** TASK PROMPT **
Print the lines in the listing below that fall between the line with "induction n; simpl." and the line with "destruct (Nat.eq_dec k n) as [->|].", those two lines included, exactly as they stand and with nothing else.

** RECORDS FOR PROCESSING **
************

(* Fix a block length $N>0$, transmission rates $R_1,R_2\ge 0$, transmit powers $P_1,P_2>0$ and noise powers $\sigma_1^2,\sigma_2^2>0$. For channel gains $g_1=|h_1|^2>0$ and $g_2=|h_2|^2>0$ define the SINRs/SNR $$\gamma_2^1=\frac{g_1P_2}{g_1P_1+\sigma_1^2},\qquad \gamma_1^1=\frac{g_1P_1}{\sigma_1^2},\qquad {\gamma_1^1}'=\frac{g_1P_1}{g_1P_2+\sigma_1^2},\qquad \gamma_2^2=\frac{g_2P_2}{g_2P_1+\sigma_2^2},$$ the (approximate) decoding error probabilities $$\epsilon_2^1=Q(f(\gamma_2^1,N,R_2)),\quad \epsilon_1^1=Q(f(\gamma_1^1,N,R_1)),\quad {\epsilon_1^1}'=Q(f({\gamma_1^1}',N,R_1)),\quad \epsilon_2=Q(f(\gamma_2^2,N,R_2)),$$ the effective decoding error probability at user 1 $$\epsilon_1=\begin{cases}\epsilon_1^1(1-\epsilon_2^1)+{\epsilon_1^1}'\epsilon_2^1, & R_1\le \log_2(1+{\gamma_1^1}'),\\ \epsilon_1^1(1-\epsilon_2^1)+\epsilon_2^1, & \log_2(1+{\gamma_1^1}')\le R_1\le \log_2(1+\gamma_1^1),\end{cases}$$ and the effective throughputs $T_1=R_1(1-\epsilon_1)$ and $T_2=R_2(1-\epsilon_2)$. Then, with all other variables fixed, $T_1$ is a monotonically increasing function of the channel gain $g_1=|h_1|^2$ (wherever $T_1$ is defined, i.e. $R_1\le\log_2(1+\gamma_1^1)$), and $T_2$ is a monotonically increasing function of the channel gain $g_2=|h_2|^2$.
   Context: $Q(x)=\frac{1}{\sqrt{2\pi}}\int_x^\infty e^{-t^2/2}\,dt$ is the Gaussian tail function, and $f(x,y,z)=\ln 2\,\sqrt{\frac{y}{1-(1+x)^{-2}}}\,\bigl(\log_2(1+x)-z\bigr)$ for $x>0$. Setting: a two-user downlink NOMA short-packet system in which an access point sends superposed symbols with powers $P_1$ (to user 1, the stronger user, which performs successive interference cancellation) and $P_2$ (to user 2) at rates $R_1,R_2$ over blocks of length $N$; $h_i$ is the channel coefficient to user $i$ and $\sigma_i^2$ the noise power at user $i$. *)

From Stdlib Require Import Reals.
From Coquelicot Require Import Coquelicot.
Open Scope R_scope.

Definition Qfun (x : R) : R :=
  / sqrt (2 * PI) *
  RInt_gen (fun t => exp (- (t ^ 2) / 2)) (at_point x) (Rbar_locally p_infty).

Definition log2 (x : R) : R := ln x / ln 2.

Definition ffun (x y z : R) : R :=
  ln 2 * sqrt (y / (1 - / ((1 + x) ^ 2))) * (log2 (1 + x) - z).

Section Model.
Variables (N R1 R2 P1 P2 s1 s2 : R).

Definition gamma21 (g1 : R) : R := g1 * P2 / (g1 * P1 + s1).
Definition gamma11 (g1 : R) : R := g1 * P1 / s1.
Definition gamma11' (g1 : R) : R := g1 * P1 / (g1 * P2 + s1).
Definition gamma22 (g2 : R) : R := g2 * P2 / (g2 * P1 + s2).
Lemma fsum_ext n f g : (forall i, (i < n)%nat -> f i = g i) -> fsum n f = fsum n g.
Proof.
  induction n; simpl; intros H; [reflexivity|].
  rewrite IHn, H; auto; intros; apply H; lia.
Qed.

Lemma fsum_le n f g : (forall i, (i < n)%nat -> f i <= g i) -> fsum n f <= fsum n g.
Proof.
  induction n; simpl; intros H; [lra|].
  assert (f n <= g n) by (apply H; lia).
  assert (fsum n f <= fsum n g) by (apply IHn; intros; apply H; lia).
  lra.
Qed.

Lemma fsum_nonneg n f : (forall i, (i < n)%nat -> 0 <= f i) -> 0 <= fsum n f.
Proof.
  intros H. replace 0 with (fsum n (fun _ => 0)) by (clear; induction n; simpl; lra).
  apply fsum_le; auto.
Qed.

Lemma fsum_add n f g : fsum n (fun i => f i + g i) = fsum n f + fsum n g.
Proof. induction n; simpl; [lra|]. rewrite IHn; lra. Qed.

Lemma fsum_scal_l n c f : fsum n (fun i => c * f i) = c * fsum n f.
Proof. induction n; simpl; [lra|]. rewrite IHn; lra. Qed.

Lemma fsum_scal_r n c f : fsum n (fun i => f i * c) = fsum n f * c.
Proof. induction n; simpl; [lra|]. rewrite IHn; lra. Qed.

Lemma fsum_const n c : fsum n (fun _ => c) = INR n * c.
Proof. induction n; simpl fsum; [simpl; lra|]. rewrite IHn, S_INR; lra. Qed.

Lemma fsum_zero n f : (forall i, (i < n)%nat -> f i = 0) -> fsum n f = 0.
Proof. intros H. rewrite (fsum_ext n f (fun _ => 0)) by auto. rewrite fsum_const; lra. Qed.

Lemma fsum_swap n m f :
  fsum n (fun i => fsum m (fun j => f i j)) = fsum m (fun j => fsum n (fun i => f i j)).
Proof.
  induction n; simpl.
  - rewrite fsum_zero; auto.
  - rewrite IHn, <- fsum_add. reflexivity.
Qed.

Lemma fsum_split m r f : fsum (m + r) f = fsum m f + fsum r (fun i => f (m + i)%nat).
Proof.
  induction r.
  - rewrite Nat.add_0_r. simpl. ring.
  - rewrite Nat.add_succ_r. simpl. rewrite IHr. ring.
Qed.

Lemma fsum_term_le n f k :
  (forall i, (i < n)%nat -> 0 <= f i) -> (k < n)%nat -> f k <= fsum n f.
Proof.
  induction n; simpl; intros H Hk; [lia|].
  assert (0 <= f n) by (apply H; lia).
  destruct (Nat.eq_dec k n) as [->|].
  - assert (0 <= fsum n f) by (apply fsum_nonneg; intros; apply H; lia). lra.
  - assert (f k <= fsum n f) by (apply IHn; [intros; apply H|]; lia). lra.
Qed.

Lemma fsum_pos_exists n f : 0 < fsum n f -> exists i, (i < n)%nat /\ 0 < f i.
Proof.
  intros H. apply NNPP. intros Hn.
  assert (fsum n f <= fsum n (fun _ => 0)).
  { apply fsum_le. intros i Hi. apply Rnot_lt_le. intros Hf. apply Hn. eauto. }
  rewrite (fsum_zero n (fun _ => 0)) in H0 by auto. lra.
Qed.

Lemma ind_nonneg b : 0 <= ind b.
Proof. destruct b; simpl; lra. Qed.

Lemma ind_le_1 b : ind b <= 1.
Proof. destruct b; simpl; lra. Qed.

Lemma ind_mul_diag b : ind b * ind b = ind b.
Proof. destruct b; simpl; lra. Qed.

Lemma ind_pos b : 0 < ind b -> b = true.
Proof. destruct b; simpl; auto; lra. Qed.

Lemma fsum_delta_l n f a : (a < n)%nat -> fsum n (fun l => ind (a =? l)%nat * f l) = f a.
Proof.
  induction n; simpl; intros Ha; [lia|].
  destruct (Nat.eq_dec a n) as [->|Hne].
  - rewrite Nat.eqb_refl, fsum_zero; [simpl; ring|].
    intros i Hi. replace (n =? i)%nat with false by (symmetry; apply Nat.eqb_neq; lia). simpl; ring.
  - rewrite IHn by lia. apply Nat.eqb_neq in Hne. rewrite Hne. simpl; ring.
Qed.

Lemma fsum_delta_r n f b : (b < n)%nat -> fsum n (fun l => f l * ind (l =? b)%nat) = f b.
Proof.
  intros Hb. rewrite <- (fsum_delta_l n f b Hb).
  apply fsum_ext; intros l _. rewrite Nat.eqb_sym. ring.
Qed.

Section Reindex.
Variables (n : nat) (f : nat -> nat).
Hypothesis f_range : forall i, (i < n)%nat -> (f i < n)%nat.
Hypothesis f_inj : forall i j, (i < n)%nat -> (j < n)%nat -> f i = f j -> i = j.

************

** RESULT **
  induction n; simpl.
  - rewrite fsum_zero; auto.
  - rewrite IHn, <- fsum_add. reflexivity.
Qed.

Lemma fsum_split m r f : fsum (m + r) f = fsum m f + fsum r (fun i => f (m + i)%nat).
Proof.
  induction r.
  - rewrite Nat.add_0_r. simpl. ring.
  - rewrite Nat.add_succ_r. simpl. rewrite IHr. ring.
Qed.

Lemma fsum_term_le n f k :
  (forall i, (i < n)%nat -> 0 <= f i) -> (k < n)%nat -> f k <= fsum n f.
Proof.
  induction n; simpl; intros H Hk; [lia|].
  assert (0 <= f n) by (apply H; lia).
  destruct (Nat.eq_dec k n) as [->|].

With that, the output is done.